TASK ITEM
Starting at the line below holding "[/\ (forall g, Gam" and stopping at the line holding "R)| < e) -> g = 1%:M)", print every line exactly, both ends included, and leave the rest out.

Top of STORED DATA

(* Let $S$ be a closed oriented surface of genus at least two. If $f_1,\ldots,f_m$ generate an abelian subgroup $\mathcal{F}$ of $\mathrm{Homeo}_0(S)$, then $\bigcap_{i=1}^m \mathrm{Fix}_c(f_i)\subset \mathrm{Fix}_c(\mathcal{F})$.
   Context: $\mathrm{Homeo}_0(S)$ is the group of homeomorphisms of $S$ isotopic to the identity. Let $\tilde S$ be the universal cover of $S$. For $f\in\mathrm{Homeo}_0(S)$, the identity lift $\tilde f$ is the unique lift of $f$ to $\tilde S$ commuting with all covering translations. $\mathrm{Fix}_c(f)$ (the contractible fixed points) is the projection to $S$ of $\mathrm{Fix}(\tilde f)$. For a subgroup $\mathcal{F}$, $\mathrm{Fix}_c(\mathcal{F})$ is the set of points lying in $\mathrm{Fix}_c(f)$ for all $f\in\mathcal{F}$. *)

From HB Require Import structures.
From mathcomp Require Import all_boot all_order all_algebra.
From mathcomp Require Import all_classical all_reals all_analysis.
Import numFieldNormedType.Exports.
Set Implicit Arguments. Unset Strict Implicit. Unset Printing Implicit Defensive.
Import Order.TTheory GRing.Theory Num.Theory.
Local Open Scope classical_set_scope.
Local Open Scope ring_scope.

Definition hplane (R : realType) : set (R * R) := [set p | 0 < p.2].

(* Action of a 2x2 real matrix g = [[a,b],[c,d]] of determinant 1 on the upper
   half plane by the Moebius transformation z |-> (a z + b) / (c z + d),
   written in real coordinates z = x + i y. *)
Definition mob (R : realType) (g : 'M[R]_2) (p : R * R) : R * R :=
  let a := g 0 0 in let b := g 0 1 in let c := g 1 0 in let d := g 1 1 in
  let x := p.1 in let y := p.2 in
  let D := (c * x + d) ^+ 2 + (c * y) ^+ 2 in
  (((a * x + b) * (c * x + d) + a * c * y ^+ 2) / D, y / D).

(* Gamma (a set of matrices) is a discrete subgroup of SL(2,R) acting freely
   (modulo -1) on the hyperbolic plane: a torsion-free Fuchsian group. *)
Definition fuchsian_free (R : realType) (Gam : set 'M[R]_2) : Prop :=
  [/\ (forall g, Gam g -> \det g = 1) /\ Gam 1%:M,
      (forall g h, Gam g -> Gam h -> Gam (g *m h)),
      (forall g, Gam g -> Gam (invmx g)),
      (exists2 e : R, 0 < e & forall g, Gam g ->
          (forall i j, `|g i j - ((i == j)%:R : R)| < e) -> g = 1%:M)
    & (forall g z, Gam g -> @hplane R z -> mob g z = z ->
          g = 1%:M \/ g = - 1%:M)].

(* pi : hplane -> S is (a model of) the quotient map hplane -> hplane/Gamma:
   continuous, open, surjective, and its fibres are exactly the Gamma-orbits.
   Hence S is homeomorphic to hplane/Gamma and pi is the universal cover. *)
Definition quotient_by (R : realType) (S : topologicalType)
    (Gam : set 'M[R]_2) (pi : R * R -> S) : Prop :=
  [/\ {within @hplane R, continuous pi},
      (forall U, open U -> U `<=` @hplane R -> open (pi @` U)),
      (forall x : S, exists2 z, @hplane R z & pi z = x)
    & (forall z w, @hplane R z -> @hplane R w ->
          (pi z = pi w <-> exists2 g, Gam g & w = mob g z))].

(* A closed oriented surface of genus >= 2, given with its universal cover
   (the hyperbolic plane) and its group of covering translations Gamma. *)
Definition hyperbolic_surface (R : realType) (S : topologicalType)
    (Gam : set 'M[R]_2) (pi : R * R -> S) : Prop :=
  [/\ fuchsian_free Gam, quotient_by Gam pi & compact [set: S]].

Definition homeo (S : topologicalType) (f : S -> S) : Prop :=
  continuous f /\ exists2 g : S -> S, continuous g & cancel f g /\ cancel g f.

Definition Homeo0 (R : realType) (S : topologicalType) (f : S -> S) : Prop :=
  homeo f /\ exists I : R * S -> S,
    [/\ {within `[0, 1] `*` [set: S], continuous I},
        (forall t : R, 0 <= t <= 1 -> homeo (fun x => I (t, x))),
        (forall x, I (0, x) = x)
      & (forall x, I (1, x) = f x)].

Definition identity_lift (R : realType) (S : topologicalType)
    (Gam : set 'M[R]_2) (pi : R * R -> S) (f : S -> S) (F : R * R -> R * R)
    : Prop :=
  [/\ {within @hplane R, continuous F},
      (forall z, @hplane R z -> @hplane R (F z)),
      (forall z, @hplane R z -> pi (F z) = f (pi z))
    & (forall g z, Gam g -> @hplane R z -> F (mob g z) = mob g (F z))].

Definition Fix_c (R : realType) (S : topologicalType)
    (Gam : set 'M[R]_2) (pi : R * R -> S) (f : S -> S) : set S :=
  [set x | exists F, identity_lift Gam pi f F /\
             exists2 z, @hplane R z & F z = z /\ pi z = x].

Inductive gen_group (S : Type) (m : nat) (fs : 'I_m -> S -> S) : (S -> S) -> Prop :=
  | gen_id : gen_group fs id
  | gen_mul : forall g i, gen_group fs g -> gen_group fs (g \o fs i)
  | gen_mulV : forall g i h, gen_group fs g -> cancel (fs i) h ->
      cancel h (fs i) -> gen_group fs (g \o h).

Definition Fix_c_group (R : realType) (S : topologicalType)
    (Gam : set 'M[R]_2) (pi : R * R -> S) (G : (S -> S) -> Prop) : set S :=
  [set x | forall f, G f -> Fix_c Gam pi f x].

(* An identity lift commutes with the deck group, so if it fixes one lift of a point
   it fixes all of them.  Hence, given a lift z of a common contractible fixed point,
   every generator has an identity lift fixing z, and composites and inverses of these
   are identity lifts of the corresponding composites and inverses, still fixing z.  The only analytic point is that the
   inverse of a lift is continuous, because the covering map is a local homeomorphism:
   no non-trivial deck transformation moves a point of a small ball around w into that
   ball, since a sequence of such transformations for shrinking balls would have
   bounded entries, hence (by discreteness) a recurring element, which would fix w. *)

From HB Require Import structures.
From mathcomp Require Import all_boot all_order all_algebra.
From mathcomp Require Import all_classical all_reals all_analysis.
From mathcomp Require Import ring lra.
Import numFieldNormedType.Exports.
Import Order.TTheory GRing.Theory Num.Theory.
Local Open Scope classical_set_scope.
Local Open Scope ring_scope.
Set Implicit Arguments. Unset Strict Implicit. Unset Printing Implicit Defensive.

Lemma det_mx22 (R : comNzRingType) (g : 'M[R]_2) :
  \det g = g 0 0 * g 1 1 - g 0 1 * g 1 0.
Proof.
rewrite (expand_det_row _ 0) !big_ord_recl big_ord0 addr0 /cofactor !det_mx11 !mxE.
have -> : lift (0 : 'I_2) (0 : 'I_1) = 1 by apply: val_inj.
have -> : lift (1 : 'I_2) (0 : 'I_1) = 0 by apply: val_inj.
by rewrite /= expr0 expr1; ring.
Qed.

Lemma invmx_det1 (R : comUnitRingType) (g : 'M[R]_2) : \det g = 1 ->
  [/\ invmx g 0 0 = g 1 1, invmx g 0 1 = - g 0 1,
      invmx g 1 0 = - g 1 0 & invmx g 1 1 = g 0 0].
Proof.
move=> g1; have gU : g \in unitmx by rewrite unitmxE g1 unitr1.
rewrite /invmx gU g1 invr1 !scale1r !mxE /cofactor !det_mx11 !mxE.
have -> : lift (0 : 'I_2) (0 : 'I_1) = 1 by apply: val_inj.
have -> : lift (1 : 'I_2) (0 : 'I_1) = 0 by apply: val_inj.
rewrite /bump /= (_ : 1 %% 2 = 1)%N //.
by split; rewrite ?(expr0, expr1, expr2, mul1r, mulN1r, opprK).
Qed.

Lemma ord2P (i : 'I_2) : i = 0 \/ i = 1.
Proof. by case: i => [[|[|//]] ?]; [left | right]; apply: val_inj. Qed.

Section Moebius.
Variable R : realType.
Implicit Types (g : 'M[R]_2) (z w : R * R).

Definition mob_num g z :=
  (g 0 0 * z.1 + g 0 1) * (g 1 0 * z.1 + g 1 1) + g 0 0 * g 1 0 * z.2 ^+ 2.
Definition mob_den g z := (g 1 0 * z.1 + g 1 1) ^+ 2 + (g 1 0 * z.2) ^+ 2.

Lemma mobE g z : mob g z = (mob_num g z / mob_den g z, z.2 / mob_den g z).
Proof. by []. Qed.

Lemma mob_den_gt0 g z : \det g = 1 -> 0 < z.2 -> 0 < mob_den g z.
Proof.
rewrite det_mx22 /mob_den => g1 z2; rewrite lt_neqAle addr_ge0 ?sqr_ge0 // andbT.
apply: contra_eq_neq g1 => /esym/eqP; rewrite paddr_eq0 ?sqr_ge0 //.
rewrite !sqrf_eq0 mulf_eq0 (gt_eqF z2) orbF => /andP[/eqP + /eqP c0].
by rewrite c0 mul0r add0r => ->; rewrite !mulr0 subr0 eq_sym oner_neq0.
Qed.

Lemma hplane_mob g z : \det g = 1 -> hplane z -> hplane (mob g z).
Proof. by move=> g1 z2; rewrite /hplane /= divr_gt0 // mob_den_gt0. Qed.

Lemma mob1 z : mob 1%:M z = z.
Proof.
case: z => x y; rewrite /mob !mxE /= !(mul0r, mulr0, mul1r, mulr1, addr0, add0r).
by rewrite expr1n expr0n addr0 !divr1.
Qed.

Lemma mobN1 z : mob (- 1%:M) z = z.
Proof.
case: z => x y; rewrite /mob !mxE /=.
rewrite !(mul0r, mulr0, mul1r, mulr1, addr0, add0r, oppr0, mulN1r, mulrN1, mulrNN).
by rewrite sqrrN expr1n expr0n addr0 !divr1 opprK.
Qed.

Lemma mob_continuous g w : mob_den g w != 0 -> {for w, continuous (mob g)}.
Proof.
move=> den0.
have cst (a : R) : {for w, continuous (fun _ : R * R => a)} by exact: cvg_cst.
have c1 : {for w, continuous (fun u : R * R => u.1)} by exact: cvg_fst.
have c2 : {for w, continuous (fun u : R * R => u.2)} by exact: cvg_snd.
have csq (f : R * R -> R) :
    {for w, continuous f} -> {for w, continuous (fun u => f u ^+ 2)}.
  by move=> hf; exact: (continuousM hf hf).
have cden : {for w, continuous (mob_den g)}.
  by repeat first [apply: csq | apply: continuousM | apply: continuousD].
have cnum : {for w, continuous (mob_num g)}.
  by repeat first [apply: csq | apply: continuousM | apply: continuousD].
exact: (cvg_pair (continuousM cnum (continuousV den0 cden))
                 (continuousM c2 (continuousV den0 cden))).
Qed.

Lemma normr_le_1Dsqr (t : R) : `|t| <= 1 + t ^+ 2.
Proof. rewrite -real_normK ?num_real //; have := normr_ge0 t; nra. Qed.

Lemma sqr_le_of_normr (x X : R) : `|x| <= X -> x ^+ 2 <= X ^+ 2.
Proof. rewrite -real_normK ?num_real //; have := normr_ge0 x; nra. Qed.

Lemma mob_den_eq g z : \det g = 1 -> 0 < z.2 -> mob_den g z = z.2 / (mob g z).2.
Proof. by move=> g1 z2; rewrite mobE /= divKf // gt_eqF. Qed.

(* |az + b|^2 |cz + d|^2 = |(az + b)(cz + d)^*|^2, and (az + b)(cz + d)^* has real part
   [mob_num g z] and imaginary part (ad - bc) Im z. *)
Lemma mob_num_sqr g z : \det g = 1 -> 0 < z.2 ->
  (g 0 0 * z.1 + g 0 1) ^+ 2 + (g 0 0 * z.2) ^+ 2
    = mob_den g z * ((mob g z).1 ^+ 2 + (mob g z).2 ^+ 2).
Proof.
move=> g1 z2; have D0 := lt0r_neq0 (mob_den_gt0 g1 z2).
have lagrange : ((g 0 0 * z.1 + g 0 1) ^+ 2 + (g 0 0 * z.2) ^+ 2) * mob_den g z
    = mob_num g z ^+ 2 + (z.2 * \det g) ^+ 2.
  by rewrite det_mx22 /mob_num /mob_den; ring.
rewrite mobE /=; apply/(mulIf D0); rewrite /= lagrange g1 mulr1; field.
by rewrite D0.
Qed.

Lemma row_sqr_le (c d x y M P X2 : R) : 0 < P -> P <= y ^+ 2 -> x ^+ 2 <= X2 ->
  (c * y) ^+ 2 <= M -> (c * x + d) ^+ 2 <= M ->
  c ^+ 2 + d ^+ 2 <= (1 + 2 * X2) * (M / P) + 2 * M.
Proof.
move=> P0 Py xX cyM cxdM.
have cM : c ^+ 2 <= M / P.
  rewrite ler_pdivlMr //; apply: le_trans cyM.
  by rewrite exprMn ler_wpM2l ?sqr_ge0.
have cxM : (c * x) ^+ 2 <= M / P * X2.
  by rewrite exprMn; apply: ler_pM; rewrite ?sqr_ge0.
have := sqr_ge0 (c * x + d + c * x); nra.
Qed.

Bottom of STORED DATA

SOLUTION FOR THIS TASK
  [/\ (forall g, Gam g -> \det g = 1) /\ Gam 1%:M,
      (forall g h, Gam g -> Gam h -> Gam (g *m h)),
      (forall g, Gam g -> Gam (invmx g)),
      (exists2 e : R, 0 < e & forall g, Gam g ->
          (forall i j, `|g i j - ((i == j)%:R : R)| < e) -> g = 1%:M)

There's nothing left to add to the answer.